Files
mercury/compiler/string_encoding.m
Zoltan Somogyi 9dbee8bdb4 Implement trie string switches for the LLDS backend.
For now, the implementation covers only non-lookup switches.

compiler/builtin_ops.m:
    Generalize the existing offset_str_eq binary op by adding an optional
    size parameter, which, if present, restricts the equality test to look at
    the given number of code units at most.

compiler/llds_out_data.m:
compiler/mlds_to_c_data.m:
    Generalize the output of binop rvals whose operation is offset_str_eq.
    In llds_out_data.m, fix a bug in the original code. (This bug did not
    lead to problems because before this diff, we never generated this op.)

compiler/string_switch_util.m:
    Add a predicate that recognizes when a trie node that is NOT a leaf
    nevertheless represents the top of a stick, which means that it has
    only one possible next code unit, which itself may have only one
    possible next code unit, and so on, until we reach a node that *does*
    have two or more next code units. (One of those may be the code unit
    of the string-ending NULL character.)

compiler/ml_string_switch.m:
    Use the new predicate in string_switch_util.m to generate better code
    for sticks.
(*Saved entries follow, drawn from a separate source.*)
Lemma difference_quotient_ge (a : nat -> R) N t : (forall n, 0 <= a n) -> ex_series a ->
  0 <= t < 1 ->
  t ^ N * sum_n (fun n => INR n * a n) N <= (Series a - Series (fun n => a n * t ^ n)) / (1 - t).
Proof.
  intros Ha Hs Ht.
  assert (Htn : forall n, 0 <= t ^ n <= 1)
    by (intros n; split; [apply pow_le|apply pow_le_1]; lra).
  assert (Hst : ex_series (fun n => a n * t ^ n)).
  { apply (@ex_series_le R_AbsRing R_CompleteNormedModule _ a); [|exact Hs].
    intros n. change (Rabs (a n * t ^ n) <= a n). specialize (Htn n). specialize (Ha n).
    rewrite Rabs_pos_eq by nra. nra. }
  apply (Rle_div_r _ _ (1 - t)); [lra|].
  rewrite <- Series_minus by assumption.
  eapply Rle_trans; [|apply sum_n_le_Series].
  - rewrite !sum_n_Reals.
    replace (t ^ N * sum_f_R0 (fun n => INR n * a n) N * (1 - t))
      with (sum_f_R0 (fun n => INR n * a n * (t ^ N * (1 - t))) N) by (rewrite <- scal_sum; ring).
    apply sum_Rle. intros n Hn.
    specialize (Ha n). pose proof (pos_INR n).
    pose proof (pow_le_pow_of_le t n N ltac:(lra) Hn).
    pose proof (mul_pow_mul_1_sub_le t n ltac:(lra)).
    apply Rle_trans with (a n * (INR n * t ^ n * (1 - t))); [|nra].
    replace (INR n * a n * (t ^ N * (1 - t))) with (a n * (INR n * t ^ N * (1 - t))) by ring.
    apply Rmult_le_compat_l; [exact Ha|]. apply Rmult_le_compat_r; [lra|].
    apply Rmult_le_compat_l; lra.
  - intros n. specialize (Htn n). specialize (Ha n). nra.
  - exists (Series a - Series (fun n => a n * t ^ n)).
    exact (@is_series_minus R_AbsRing R_NormedModule _ _ _ _
             (Series_correct _ Hs) (Series_correct _ Hst)).
Qed.

Lemma difference_quotient_at_left_1 (a : nat -> R) : (forall n, 0 <= a n) -> ex_series a ->
  is_lim_seq (sum_n (fun n => INR n * a n)) p_infty ->
  filterlim (fun t => (Series a - Series (fun n => a n * t ^ n)) / (1 - t))
            (at_left 1) (Rbar_locally p_infty).
Proof.
  intros Ha Hs Hdiv P [M HM].
  destruct (proj2 (is_lim_seq_spec _ _) Hdiv (2 * Rmax M 0)) as [N HN].
  specialize (HN N (le_n N)).
  pose proof (pos_INR N).
  assert (Hdelta : 0 < / (2 * (INR N + 1))) by (apply Rinv_0_lt_compat; lra).
  exists (mkposreal _ Hdelta). intros t Ht Ht1. apply HM.
  change (Rabs (t - 1) < / (2 * (INR N + 1))) in Ht. apply Rabs_def2 in Ht.
  assert (Hdl : / (2 * (INR N + 1)) <= / 2) by (apply Rinv_le_contravar; lra).
  assert (HtN : / 2 <= t ^ N).
  { replace t with (1 - (1 - t)) by ring. eapply Rle_trans; [|apply pow_ge_1_sub_mul; lra].
    assert (INR N * (1 - t) <= INR N / (2 * (INR N + 1))) by (apply Rmult_le_compat_l; lra).
    assert (INR N / (2 * (INR N + 1)) <= / 2)
      by (apply (Rle_div_l _ _ (2 * (INR N + 1))); [lra|]; lra).
    lra. }
  eapply Rlt_le_trans; [|apply (difference_quotient_ge a N t Ha Hs); lra].
  pose proof (Rmax_l M 0). pose proof (Rmax_r M 0).
  assert (0 <= (t ^ N - / 2) * sum_n (fun n => INR n * a n) N) by (apply Rmult_le_pos; lra).
  nra.
Qed.

Lemma gamma_coef_eq n : gamma_coef n = / (INR n + 1) - ln (1 + / (INR n + 1)).
Proof.
  unfold gamma_coef. rewrite !S_INR. pose proof (pos_INR n).
  replace ((INR n + 1 + 1) / (INR n + 1)) with (1 + / (INR n + 1)) by (field; lra).
  reflexivity.
Qed.

Lemma gamma_coef_ge n : / (2 * (INR n + 1) * (INR n + 2)) <= gamma_coef n.
Proof.
  rewrite gamma_coef_eq. pose proof (pos_INR n).
  assert (Hu : 0 <= / (INR n + 1)) by (apply Rlt_le, Rinv_0_lt_compat; lra).
  pose proof (ln_1p_le _ Hu).
  replace (/ (2 * (INR n + 1) * (INR n + 2)))
    with ((/ (INR n + 1)) ^ 2 / (2 * (1 + / (INR n + 1)))) by (field; lra).
  lra.
Qed.

Lemma gamma_coef_le n : gamma_coef n <= / (2 * (INR n + 1) ^ 2).
Proof.
  rewrite gamma_coef_eq. pose proof (pos_INR n).
  assert (Hu : 0 <= / (INR n + 1)) by (apply Rlt_le, Rinv_0_lt_compat; lra).
  pose proof (ln_1p_ge _ Hu).
  replace (/ (2 * (INR n + 1) ^ 2)) with ((/ (INR n + 1)) ^ 2 / 2) by (field; lra).
  lra.
Qed.

Lemma gamma_coef_pos n : 0 < gamma_coef n.
Proof.
  eapply Rlt_le_trans; [|apply gamma_coef_ge]. pose proof (pos_INR n).
  apply Rinv_0_lt_compat. nra.
Qed.

Lemma ex_series_gamma_coef : ex_series gamma_coef.
Proof.
  apply (@ex_series_le R_AbsRing R_CompleteNormedModule _ (fun n => / (INR n + 1) - / (INR (S n) + 1))).
  - intros n. change (Rabs (gamma_coef n) <= / (INR n + 1) - / (INR (S n) + 1)).
    rewrite Rabs_pos_eq by (apply Rlt_le, gamma_coef_pos).
    eapply Rle_trans; [apply gamma_coef_le|]. rewrite S_INR. pose proof (pos_INR n).
    replace (/ (INR n + 1) - / (INR n + 1 + 1)) with (/ ((INR n + 1) * (INR n + 2))) by (field; lra).
    apply Rinv_le_contravar; nra.
  - eexists. apply (is_series_telescoping (fun n => / (INR n + 1))), is_lim_seq_inv_succ.
Qed.

Lemma ln_le_sum_n_mul_gamma_coef N : ln (INR N + 1) / 12 <= sum_n (fun n => INR n * gamma_coef n) N.
Proof.
  induction N.
  - rewrite sum_O. simpl. rewrite Rplus_0_l, ln_1. lra.
  - rewrite sum_Sn, S_INR. unfold plus; simpl. pose proof (pos_INR N).
    assert (Hu : 0 <= / (INR N + 1)) by (apply Rlt_le, Rinv_0_lt_compat; lra).
    assert (Hln : ln (INR N + 1 + 1) - ln (INR N + 1) <= / (INR N + 1)).
    { rewrite <- ln_div by lra.
      replace ((INR N + 1 + 1) / (INR N + 1)) with (1 + / (INR N + 1)) by (field; lra).
      pose proof (ln_1p_le _ Hu).
      assert (0 <= (/ (INR N + 1)) ^ 2 / (2 * (1 + / (INR N + 1)))).
      { apply Rmult_le_pos; [apply pow2_ge_0|apply Rlt_le, Rinv_0_lt_compat; lra]. }
      lra. }
    assert (Hterm : / (INR N + 1) <= 12 * ((INR N + 1) * gamma_coef (S N))).
    { pose proof (gamma_coef_ge (S N)) as Hge. rewrite S_INR in Hge.
      set (x := INR N + 1) in *. assert (Hx : 1 <= x) by (unfold x; lra).
      apply Rle_trans with (12 * (x * / (2 * (x + 1) * (x + 2))));
        [|apply Rmult_le_compat_l; [lra|apply Rmult_le_compat_l; [lra|exact Hge]]].
      replace (/ x) with ((x + 1) * (x + 2) * / (x * (x + 1) * (x + 2))) by (field; lra).
      replace (12 * (x * / (2 * (x + 1) * (x + 2)))) with (6 * x ^ 2 * / (x * (x + 1) * (x + 2)))
        by (field; lra).
      apply Rmult_le_compat_r; [apply Rlt_le, Rinv_0_lt_compat; nra|nra]. }
    lra.
Qed.

Lemma is_lim_seq_sum_n_mul_gamma_coef :
  is_lim_seq (sum_n (fun n => INR n * gamma_coef n)) p_infty.
Proof.
  apply (is_lim_seq_le_p_loc (fun N => ln (INR N + 1) * / 12)).
  - exists O. intros N _. apply ln_le_sum_n_mul_gamma_coef.
  - rewrite <- (is_Rbar_mult_unique _ _ _ (is_Rbar_mult_p_infty_pos (/ 12) ltac:(simpl; lra))).
    apply is_lim_seq_scal_r, (is_lim_comp_seq ln (fun N => INR N + 1) p_infty p_infty).
    + exact is_lim_ln_p.
    + exists O. intros N _. discriminate.
    + apply is_lim_seq_INR_succ.
Qed.

Lemma gamma_coef_ratio_bounds n :
  1 - 3 / (INR n + 1) <= Rabs (gamma_coef (S n) / gamma_coef n) <= 1.
Proof.
  pose proof (gamma_coef_pos n) as Hpos. pose proof (gamma_coef_pos (S n)) as HposS.
  pose proof (gamma_coef_le n) as Hle. pose proof (gamma_coef_ge n) as Hge.
  pose proof (gamma_coef_le (S n)) as HleS. pose proof (gamma_coef_ge (S n)) as HgeS.
  rewrite S_INR in HleS, HgeS. pose proof (pos_INR n).
  set (x := INR n + 1) in *. assert (Hx : 1 <= x) by (unfold x; lra).
  replace (INR n + 2) with (x + 1) in Hge by (unfold x; ring).
  replace (x + 2) with (x + 1 + 1) in HgeS by ring.
  rewrite Rabs_pos_eq by (apply Rlt_le, Rdiv_lt_0_compat; assumption).
  split.
  - apply (Rle_div_r _ _ _ Hpos).
    destruct (Rle_lt_dec 0 (1 - 3 / x)) as [Hq|Hq]; [|nra].
    apply Rle_trans with ((1 - 3 / x) * / (2 * x ^ 2)); [apply Rmult_le_compat_l; assumption|].
    eapply Rle_trans; [|exact HgeS].
    assert (E : / (2 * (x + 1) * (x + 1 + 1)) - (1 - 3 / x) * / (2 * x ^ 2)
                = (7 * x + 6) * / (2 * x ^ 3 * (x + 1) * (x + 2))) by (field; lra).
    assert (0 <= (7 * x + 6) * / (2 * x ^ 3 * (x + 1) * (x + 2))).
    { apply Rmult_le_pos; [lra|]. apply Rlt_le, Rinv_0_lt_compat.
      apply Rmult_lt_0_compat; [apply Rmult_lt_0_compat; [apply Rmult_lt_0_compat|]|]; try lra.
      apply pow_lt; lra. }
    lra.
  - apply (Rle_div_l _ _ _ Hpos). rewrite Rmult_1_l.
    eapply Rle_trans; [exact HleS|]. eapply Rle_trans; [|exact Hge].
    apply Rinv_le_contravar; nra.
Qed.

Lemma CV_radius_gamma_coef : CV_radius gamma_coef = Finite 1.
Proof.
  rewrite (CV_radius_finite_DAlembert gamma_coef 1), Rinv_1.
  - reflexivity.
  - intros n. apply Rgt_not_eq, gamma_coef_pos.
  - lra.
  - apply (is_lim_seq_le_le (fun n => 1 - 3 / (INR n + 1)) _ (fun _ => 1));
      [apply gamma_coef_ratio_bounds| |apply is_lim_seq_const].
    replace (Finite 1) with (Finite (1 - 3 * 0)) by (f_equal; ring).
    apply (is_lim_seq_minus' (fun _ => 1)); [apply is_lim_seq_const|].
    exact (is_lim_seq_scal_l _ 3 0 is_lim_seq_inv_succ).
Qed.

Lemma gamma_term_eq z n : gamma_term z n = (gamma_coef n * z ^ n)%C.
Proof.
  assert (Hpow : forall k, @pow_n C_Ring z k = (z ^ k)%C).
  { induction k; [reflexivity|]. simpl. rewrite IHk. reflexivity. }
  unfold gamma_term. rewrite Hpow. reflexivity.
Qed.

Lemma is_series_gamma z : Cmod z <= 1 ->
  @is_series C_AbsRing C_NormedModule (gamma_term z) (gamma z).
Proof.
  intros Hz. apply (is_series_C_dominated _ gamma_coef); [|exact ex_series_gamma_coef].
  intros n. rewrite gamma_term_eq, Cmod_mult, Cmod_R, Cmod_pow.
  rewrite Rabs_pos_eq by (apply Rlt_le, gamma_coef_pos).
  rewrite <- (Rmult_1_r (gamma_coef n)) at 2.
  apply Rmult_le_compat_l; [apply Rlt_le, gamma_coef_pos|].
  apply pow_le_1. split; [apply Cmod_ge_0|exact Hz].
Qed.

Lemma gamma_RtoC t : gamma (RtoC t) = RtoC (Series (fun n => gamma_coef n * t ^ n)).
Proof.
  assert (Hterm : forall n, gamma_term (RtoC t) n = RtoC (gamma_coef n * t ^ n))
    by (intros n; rewrite gamma_term_eq, RtoC_mult, RtoC_pow; reflexivity).
  apply injective_projections.
  - change (Series (fun n => Re (gamma_term (RtoC t) n)) = Series (fun n => gamma_coef n * t ^ n)).
    apply Series_ext. intros n. rewrite Hterm. reflexivity.
  - change (Series (fun n => Im (gamma_term (RtoC t) n)) = 0).
    rewrite (Series_ext _ (fun _ => 0 * 0)), Series_scal_l; [ring|].
    intros n. rewrite Hterm. simpl. ring.
Qed.

Theorem theorem5 :
  (* the series converges on the closed unit disk, with sum gamma z *)
  (forall z : C, unit_disk z -> @is_series C_AbsRing C_NormedModule (gamma_term z) (gamma z)) /\
  (* gamma is continuous on the closed unit disk *)
  (forall z : C, unit_disk z -> filterlim gamma (within unit_disk (locally z)) (locally (gamma z))) /\
  (* gamma is holomorphic (complex differentiable) on the open unit disk *)
  (forall z : C, Cmod z < 1 -> @ex_derive C_AbsRing C_NormedModule gamma z) /\
  (* gamma is real on [-1,1], and the left difference quotient at 1 tends to +oo *)
  (forall t : R, -1 <= t <= 1 -> Im (gamma (RtoC t)) = 0) /\
  filterlim (fun t : R => (Re (gamma (RtoC 1)) - Re (gamma (RtoC t))) / (1 - t))
            (at_left 1) (Rbar_locally p_infty) /\
  (* the Taylor series at 0 (coefficients gamma_coef) has radius of convergence 1 *)
  CV_radius gamma_coef = Finite 1.
Proof.
  assert (Habs : ex_series (fun n => Rabs (gamma_coef n))).
  { apply (ex_series_ext gamma_coef); [|exact ex_series_gamma_coef].
    intros n. symmetry. apply Rabs_pos_eq, Rlt_le, gamma_coef_pos. }
  assert (Hsum : forall z, Cmod z <= 1 ->
            @is_series C_AbsRing C_NormedModule (fun n => (gamma_coef n * z ^ n)%C) (gamma z)).
  { intros z Hz. apply (is_series_ext _ _ _ (gamma_term_eq z)), is_series_gamma, Hz. }
  assert (Hre : forall t, Re (gamma (RtoC t)) = Series (fun n => gamma_coef n * t ^ n))
    by (intros t; rewrite gamma_RtoC; reflexivity).
  split; [exact is_series_gamma|].
  split; [exact (pseries_continuous_on_closed_disk _ _ Habs Hsum)|].
  split; [exact (pseries_ex_derive_in_open_disk _ _ Habs Hsum)|].
  split; [intros t _; rewrite gamma_RtoC; reflexivity|].
  split; [|exact CV_radius_gamma_coef].
  apply (filterlim_ext (fun t => (Series gamma_coef - Series (fun n => gamma_coef n * t ^ n)) / (1 - t))).
  - intros t. rewrite !Hre. f_equal. f_equal. apply Series_ext. intros n. rewrite pow1. ring.
  - apply difference_quotient_at_left_1.
    + intros n. apply Rlt_le, gamma_coef_pos.
    + exact ex_series_gamma_coef.
    + exact is_lim_seq_sum_n_mul_gamma_coef.
Qed.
Instead of comparing each character in the stick individually
    against the relevant code unit of the string being switched on, compare
    them all at once using the new binary op.

compiler/ml_switch_gen.m:
    Insist on both the host machine and the target machine
    using the C backend.

compiler/string_switch.m:
    Implement non-lookup trie switches. The code follows the approach used
    in ml_string_switch.m as much as possible, but there are plenty of
    differences caused by targeting the LLDS.
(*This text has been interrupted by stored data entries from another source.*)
Unset Implicit Arguments.
Theorem theorem1p2 (R : realType) (n : nat) (E : seq (reaction n)) :
  is_network E ->
  deficiency R E = 0 ->
  ~ weakly_reversible E ->
  forall (k : 'I_(size E) -> R), (forall j, 0 < k j) ->
  forall (x0 : 'rV[R]_n), positive_vec x0 ->
  bounded_class (compat_class E x0) ->
  forall x : R -> 'rV[R]_n, is_solution k x0 x ->
  exists i : 'I_n, liminf_zero (fun t => x t 0 i).
Proof.
move=> _ def0 not_wr k k_gt0 x0 _ bounded x x_sol.
have x_pos t : 0 <= t -> positive_vec (x t) by case: x_sol => _ + _ _; apply.
have [e eE not_back] := not_weakly_reversibleP not_wr.
have [w w_pot] := deficiency0_coboundary
  (fun z => `[< reaches E e.2 z >]%:R : R) def0.
pose j0 := Ordinal (etrans (index_mem e E) eE).
have e_j0 : nth (reaction0 n) E j0 = e by rewrite nth_index.
apply: contrapT => /forallNP no_extinction.
have [mu mu_gt0 mu_le] := monom_near_lbound e.1
  (fun i => liminf_zeroN_lbound (fun t t_ge0 => x_pos t t_ge0 i) (no_extinction i)).
have [B dot_le] := bounded_class_dot w bounded.
have [|t t_gt0] := unbounded_of_derive_lbound (is_derive_dot_solution x_sol w)
  (mulr_gt0 (k_gt0 j0) mu_gt0) _ B.
  have t_pos : \forall t \near +oo, 0 < t :> R by exists 0; split => // t.
  apply: filterS2 mu_le t_pos => t mu_le_t t_gt0; under eq_bigr do rewrite w_pot.
  apply: le_trans (reachable_flux_ge k_gt0 (x_pos t (ltW t_gt0)) e_j0 not_back).
  by rewrite ler_pM2l.
by move/lt_geF; rewrite dot_le //; exact: solution_compat_class x_sol _ (ltW t_gt0).
Qed.
(* Among the extensions of P in B whose sum is nonnegative on [a, b] (a closed, hence compact,
   set of coefficient sequences) take the lexicographically least one, f.  If f had no zero on
   [a, b] it would be positive there, and minimality would force every coefficient beyond degree
   n to be -1: a far-out coefficient can be lowered outright, and a coefficient followed by a
   tail of -1's can be lowered once that tail is raised to 1's, since x^k <= 2 x^(k+1) / (1 - x)
   for x >= 1/3.  But then f(y) = P(y) - y^(n+1) / (1 - y) < 0.  So f touches 0 at some x0 in
   [a, b]; as f(x) >= P(x) - x^(n+1) / (1 - x) > 0 at the endpoints, x0 is an interior minimum
   of f, hence a zero of order at least two. *)

From Stdlib Require Import Reals Lra Lia Arith ClassicalEpsilon.
From Coquelicot Require Import Coquelicot.
Open Scope R_scope.

Definition bounded_seq (d : nat -> R) : Prop := exists M, forall i, Rabs (d i) <= M.
Definition ones_from (k i : nat) : R := if (k <=? i)%nat then 1 else 0.
Definition delta (k i : nat) : R := if (i =? k)%nat then 1 else 0.

Lemma bounded_seq_plus d e : bounded_seq d -> bounded_seq e -> bounded_seq (fun i => d i + e i).
Proof.
  intros [M HM] [N HN]; exists (M + N); intros i.
  eapply Rle_trans; [apply Rabs_triang |]. specialize (HM i); specialize (HN i); lra.
Qed.

Lemma bounded_seq_scal c d : bounded_seq d -> bounded_seq (fun i => c * d i).
Proof.
  intros [M HM]; exists (Rabs c * M); intros i. rewrite Rabs_mult.
  apply Rmult_le_compat_l; [apply Rabs_pos | apply HM].
Qed.

Lemma bounded_seq_trit d : (forall i, trit (d i)) -> bounded_seq d.
Proof.
  intros H; exists 1; intros i; apply Rabs_le.
  destruct (H i) as [-> | [-> | ->]]; lra.
Qed.

Lemma bounded_seq_ones_from k : bounded_seq (ones_from k).
Proof. apply bounded_seq_trit; intros i; unfold ones_from, trit; destruct (k <=? i)%nat; auto. Qed.

Lemma bounded_seq_delta k : bounded_seq (delta k).
Proof. apply bounded_seq_trit; intros i; unfold delta, trit; destruct (i =? k)%nat; auto. Qed.

Lemma CV_radius_bounded_seq d x : bounded_seq d -> Rabs x < 1 -> Rbar_lt (Rabs x) (CV_radius d).
Proof.
  intros [M HM] Hx. apply Rbar_lt_le_trans with (Finite 1); [exact Hx |].
  apply (proj1 (CV_radius_bounded d)). exists M; intros i.
  rewrite pow1, Rmult_1_r. apply HM.
Qed.

Lemma ex_pseries_bounded_seq d x : bounded_seq d -> Rabs x < 1 -> ex_pseries d x.
Proof. intros; apply CV_radius_inside, CV_radius_bounded_seq; auto. Qed.

Lemma PSeries_plus_bounded d e x : bounded_seq d -> bounded_seq e -> Rabs x < 1 ->
  PSeries (fun i => d i + e i) x = PSeries d x + PSeries e x.
Proof.
  intros Hd He Hx. rewrite <- PSeries_plus by (apply ex_pseries_bounded_seq; auto).
  apply PSeries_ext; reflexivity.
Qed.

Lemma PSeries_scal_seq c d x : PSeries (fun i => c * d i) x = c * PSeries d x.
Proof. rewrite <- PSeries_scal. apply PSeries_ext; reflexivity. Qed.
    Rename some predicates to specify which switch implementation method
    they belong to.

    Write a comment just once, and refer to it from elsewhere instead of
    duplicating it at each reference site.

compiler/switch_gen.m:
    Enable the use of trie switches when the option values call for it,
    and when the switch is not a lookup switch.

compiler/cse_detection.m:
    Do not flood the output of mmc -V with messages that have nothing to do
    with the module being compiled.

compiler/options.m:
    Add a way to specify --no-allow-inlining on the command line.
    This can help debug code generator changes like this, by disallowing
    a transform that can modify the Mercury code whose compilation process
    you are trying to debug. (The documentation of the --inlining option
    implies that --no-inlining should do the same job, but it does not.)
    The option is not documented for users.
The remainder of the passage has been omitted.